Data provided —
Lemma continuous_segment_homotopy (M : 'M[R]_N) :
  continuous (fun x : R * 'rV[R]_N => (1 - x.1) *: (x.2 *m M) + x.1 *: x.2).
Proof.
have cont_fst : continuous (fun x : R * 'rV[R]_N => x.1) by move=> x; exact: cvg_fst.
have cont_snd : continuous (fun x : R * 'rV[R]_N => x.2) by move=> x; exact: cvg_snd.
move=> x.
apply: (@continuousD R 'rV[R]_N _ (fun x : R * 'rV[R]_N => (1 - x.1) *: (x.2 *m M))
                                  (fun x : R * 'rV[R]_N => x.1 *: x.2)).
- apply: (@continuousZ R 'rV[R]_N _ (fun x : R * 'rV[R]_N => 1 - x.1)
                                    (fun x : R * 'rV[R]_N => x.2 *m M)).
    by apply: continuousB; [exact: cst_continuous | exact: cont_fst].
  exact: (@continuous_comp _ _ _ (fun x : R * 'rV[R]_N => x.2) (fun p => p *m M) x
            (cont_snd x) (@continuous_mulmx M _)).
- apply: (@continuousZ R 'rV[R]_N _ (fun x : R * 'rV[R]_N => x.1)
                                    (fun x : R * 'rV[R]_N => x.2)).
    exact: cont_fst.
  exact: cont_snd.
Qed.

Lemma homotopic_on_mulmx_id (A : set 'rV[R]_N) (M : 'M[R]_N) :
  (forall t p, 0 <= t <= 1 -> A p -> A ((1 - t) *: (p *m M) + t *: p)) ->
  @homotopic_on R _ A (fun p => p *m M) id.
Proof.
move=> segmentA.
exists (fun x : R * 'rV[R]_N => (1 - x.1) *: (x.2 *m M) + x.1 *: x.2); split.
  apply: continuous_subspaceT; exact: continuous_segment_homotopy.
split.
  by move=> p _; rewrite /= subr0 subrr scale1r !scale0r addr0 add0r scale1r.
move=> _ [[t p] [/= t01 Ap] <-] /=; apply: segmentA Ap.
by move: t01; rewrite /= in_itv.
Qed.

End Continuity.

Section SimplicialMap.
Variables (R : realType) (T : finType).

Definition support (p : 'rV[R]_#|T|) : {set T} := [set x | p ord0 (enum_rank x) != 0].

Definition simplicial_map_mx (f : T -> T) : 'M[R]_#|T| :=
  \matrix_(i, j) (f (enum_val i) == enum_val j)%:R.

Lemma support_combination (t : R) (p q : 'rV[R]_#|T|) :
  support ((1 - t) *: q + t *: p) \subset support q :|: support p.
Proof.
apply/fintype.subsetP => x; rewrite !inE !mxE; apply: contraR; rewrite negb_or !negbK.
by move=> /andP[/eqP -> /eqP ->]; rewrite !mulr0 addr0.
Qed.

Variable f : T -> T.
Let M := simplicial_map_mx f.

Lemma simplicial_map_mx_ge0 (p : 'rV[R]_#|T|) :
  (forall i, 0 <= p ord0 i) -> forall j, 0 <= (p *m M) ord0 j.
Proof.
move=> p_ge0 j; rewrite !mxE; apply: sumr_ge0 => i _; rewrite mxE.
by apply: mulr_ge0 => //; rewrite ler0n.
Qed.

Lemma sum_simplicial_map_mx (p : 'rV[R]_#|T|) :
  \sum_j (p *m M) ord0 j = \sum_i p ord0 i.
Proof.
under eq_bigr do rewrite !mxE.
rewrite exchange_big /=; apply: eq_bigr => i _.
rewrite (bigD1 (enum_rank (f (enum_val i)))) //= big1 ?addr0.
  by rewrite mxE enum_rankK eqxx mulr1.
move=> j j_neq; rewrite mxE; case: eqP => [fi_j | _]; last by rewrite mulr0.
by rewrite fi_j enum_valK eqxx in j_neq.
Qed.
==
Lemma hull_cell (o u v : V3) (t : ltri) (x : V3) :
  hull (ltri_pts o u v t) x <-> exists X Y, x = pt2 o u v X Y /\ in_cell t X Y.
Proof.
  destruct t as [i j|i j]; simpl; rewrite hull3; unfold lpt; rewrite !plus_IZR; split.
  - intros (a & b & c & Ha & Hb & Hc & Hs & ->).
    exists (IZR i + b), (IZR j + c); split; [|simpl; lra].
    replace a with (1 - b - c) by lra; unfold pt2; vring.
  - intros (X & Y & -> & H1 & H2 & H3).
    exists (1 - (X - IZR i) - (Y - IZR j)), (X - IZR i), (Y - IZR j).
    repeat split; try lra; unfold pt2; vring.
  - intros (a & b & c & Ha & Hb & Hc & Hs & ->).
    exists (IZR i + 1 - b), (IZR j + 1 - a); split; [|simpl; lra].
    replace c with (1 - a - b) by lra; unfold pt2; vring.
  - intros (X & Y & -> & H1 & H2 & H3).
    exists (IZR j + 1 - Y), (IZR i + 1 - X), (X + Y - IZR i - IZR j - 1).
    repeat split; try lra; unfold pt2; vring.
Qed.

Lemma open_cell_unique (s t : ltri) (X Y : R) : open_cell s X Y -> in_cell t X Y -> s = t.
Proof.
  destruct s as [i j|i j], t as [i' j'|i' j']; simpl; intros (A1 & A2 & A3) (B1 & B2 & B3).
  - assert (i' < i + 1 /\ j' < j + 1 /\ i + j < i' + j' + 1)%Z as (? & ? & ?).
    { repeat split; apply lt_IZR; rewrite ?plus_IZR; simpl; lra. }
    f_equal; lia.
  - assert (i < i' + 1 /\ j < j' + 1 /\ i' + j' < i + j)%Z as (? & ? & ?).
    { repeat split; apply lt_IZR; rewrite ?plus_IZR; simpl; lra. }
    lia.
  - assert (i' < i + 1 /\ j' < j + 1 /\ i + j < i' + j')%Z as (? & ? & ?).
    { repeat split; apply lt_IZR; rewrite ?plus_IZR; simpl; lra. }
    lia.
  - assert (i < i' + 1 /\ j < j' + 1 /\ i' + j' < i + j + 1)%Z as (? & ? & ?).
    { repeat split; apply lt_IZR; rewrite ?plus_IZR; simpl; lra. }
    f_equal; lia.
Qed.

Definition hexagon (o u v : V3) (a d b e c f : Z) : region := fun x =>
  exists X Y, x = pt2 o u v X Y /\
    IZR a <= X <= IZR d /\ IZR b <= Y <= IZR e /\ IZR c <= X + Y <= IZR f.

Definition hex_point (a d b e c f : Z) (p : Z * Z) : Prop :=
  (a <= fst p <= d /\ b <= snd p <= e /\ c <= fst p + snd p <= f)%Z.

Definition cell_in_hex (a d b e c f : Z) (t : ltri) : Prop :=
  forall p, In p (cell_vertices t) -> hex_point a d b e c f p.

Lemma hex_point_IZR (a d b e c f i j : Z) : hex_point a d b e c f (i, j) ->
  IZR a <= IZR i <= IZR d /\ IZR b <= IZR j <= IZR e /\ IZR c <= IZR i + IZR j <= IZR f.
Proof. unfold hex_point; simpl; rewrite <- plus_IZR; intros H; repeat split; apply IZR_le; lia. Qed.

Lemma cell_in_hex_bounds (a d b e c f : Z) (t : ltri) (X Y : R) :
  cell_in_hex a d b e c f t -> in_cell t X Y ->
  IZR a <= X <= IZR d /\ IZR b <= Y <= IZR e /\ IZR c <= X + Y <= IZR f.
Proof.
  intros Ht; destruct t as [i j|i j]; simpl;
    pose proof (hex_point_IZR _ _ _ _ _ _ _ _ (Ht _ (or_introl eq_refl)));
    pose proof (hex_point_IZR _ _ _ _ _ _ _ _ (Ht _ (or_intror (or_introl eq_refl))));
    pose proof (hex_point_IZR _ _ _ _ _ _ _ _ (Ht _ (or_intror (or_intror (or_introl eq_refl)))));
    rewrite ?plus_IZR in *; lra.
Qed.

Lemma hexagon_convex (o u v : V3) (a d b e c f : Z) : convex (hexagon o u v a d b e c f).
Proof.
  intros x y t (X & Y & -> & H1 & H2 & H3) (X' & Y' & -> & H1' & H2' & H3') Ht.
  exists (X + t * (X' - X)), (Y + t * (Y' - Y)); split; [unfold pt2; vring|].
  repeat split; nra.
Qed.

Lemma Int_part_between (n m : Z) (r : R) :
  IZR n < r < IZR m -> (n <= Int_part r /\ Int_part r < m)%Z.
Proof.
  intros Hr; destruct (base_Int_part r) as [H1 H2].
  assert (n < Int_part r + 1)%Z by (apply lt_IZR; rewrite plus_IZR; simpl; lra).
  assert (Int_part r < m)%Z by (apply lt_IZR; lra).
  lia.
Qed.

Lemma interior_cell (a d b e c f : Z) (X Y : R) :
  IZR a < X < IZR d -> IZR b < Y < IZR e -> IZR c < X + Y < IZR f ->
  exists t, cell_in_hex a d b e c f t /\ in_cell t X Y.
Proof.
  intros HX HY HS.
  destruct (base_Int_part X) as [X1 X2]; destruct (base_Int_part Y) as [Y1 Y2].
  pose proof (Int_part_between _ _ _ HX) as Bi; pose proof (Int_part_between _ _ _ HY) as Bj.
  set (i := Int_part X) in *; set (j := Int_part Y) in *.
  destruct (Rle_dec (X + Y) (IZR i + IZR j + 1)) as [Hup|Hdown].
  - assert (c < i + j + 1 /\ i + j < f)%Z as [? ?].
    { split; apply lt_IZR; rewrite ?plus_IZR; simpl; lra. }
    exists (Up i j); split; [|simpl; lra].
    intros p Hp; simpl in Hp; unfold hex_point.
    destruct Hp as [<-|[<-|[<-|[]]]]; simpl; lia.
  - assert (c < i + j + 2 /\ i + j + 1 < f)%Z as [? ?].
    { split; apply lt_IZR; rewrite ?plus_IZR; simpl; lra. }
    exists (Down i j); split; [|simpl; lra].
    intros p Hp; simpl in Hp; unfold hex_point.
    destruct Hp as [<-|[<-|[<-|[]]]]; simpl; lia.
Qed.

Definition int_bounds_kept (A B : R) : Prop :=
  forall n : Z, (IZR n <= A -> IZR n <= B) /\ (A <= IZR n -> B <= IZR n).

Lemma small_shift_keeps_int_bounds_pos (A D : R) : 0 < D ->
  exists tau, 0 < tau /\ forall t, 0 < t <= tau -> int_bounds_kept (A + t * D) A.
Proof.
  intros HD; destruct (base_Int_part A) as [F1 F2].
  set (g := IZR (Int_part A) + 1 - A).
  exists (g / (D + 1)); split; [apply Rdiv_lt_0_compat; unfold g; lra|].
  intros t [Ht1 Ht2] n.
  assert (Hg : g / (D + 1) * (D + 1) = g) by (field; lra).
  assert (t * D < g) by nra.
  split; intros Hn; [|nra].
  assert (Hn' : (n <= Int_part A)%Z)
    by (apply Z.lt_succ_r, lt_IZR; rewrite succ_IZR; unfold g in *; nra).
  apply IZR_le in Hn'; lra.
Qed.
---
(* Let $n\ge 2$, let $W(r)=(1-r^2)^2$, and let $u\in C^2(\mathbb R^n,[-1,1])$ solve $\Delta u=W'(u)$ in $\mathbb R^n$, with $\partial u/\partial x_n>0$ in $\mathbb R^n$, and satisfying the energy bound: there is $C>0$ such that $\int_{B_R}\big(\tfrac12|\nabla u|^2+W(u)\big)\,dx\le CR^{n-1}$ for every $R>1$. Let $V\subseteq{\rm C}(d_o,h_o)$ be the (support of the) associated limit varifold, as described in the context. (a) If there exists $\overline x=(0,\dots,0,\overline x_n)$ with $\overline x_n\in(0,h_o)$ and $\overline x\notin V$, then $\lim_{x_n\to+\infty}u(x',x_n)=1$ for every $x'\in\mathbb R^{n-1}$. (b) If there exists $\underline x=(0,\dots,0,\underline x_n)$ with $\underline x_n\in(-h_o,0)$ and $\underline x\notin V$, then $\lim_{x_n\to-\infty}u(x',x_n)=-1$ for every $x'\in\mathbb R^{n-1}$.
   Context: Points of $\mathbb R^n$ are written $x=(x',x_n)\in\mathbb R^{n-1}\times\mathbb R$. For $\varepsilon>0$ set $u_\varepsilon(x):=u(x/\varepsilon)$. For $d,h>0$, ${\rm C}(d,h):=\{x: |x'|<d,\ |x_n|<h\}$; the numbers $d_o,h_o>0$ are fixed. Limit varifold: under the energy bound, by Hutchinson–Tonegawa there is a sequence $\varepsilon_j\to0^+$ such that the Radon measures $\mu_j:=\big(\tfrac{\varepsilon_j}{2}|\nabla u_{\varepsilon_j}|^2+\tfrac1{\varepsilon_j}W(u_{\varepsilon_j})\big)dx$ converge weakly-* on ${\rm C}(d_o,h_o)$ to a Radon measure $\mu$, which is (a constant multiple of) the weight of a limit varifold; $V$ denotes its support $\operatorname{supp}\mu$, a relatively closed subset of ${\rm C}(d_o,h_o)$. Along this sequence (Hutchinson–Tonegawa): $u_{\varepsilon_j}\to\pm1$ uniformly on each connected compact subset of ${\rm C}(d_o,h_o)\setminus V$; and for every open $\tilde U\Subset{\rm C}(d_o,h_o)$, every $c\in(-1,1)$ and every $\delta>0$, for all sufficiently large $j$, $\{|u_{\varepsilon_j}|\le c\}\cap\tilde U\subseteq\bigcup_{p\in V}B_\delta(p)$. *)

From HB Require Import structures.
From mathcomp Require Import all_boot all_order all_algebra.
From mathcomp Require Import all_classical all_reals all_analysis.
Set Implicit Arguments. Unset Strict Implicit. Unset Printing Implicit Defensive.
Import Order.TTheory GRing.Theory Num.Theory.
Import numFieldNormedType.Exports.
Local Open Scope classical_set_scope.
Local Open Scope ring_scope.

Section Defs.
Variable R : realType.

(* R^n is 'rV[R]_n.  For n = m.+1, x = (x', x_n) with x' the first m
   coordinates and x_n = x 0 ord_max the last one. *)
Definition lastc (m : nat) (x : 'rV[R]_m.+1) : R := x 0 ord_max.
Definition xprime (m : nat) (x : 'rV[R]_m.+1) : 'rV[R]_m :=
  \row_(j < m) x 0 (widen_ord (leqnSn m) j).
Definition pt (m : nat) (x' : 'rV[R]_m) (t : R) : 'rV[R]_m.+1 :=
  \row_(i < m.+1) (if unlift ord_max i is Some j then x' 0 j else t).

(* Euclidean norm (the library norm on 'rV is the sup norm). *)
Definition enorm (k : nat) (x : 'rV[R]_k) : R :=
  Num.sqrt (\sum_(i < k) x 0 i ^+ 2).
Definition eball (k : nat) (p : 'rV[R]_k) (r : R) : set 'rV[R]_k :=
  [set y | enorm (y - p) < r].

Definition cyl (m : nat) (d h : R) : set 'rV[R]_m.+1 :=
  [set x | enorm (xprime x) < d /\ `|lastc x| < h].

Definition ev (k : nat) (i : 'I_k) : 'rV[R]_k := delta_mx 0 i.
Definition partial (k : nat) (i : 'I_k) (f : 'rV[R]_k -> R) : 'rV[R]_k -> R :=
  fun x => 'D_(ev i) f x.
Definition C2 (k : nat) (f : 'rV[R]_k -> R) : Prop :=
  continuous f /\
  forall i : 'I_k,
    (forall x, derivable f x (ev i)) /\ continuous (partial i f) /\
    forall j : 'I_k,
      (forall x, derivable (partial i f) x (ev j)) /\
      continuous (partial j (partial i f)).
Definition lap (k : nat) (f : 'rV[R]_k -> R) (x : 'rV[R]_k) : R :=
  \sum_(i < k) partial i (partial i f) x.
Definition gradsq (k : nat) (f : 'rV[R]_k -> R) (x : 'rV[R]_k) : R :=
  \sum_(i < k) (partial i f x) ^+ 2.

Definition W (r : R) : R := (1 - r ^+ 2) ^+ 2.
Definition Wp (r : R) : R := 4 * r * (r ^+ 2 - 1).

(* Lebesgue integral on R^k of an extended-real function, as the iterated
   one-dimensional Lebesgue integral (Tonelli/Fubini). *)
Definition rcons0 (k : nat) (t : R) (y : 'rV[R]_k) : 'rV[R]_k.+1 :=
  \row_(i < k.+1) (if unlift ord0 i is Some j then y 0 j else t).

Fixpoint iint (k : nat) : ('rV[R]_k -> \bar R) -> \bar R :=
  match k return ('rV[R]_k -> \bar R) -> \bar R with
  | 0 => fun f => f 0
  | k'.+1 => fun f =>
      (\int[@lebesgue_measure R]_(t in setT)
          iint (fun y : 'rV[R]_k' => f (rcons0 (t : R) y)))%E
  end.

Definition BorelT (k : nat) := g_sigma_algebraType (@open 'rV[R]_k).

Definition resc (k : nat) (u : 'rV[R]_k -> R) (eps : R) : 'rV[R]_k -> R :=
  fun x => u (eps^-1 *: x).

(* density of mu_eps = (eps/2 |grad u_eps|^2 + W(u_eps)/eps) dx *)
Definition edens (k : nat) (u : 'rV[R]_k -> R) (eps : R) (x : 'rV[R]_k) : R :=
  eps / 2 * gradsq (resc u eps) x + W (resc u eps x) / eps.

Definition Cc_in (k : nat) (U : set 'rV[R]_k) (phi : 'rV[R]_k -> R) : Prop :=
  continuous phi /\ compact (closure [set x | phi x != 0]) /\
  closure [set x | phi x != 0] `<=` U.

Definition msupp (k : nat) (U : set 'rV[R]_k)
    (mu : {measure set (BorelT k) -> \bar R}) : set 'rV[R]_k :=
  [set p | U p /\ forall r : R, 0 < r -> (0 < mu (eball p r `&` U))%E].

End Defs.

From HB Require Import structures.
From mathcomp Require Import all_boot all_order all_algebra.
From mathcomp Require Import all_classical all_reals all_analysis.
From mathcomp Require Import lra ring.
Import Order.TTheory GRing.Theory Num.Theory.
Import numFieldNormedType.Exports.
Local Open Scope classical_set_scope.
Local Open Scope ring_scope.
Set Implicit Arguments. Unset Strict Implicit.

To do — An exact, complete copy of the lines above from the one with "Lemma continuous_segment_homotopy (M" through the one with "(fun x : R * 'rV[R]_N => x.1 *: x.2))." is the whole answer.

Answer to the exercise —
Lemma continuous_segment_homotopy (M : 'M[R]_N) :
  continuous (fun x : R * 'rV[R]_N => (1 - x.1) *: (x.2 *m M) + x.1 *: x.2).
Proof.
have cont_fst : continuous (fun x : R * 'rV[R]_N => x.1) by move=> x; exact: cvg_fst.
have cont_snd : continuous (fun x : R * 'rV[R]_N => x.2) by move=> x; exact: cvg_snd.
move=> x.
apply: (@continuousD R 'rV[R]_N _ (fun x : R * 'rV[R]_N => (1 - x.1) *: (x.2 *m M))
                                  (fun x : R * 'rV[R]_N => x.1 *: x.2)).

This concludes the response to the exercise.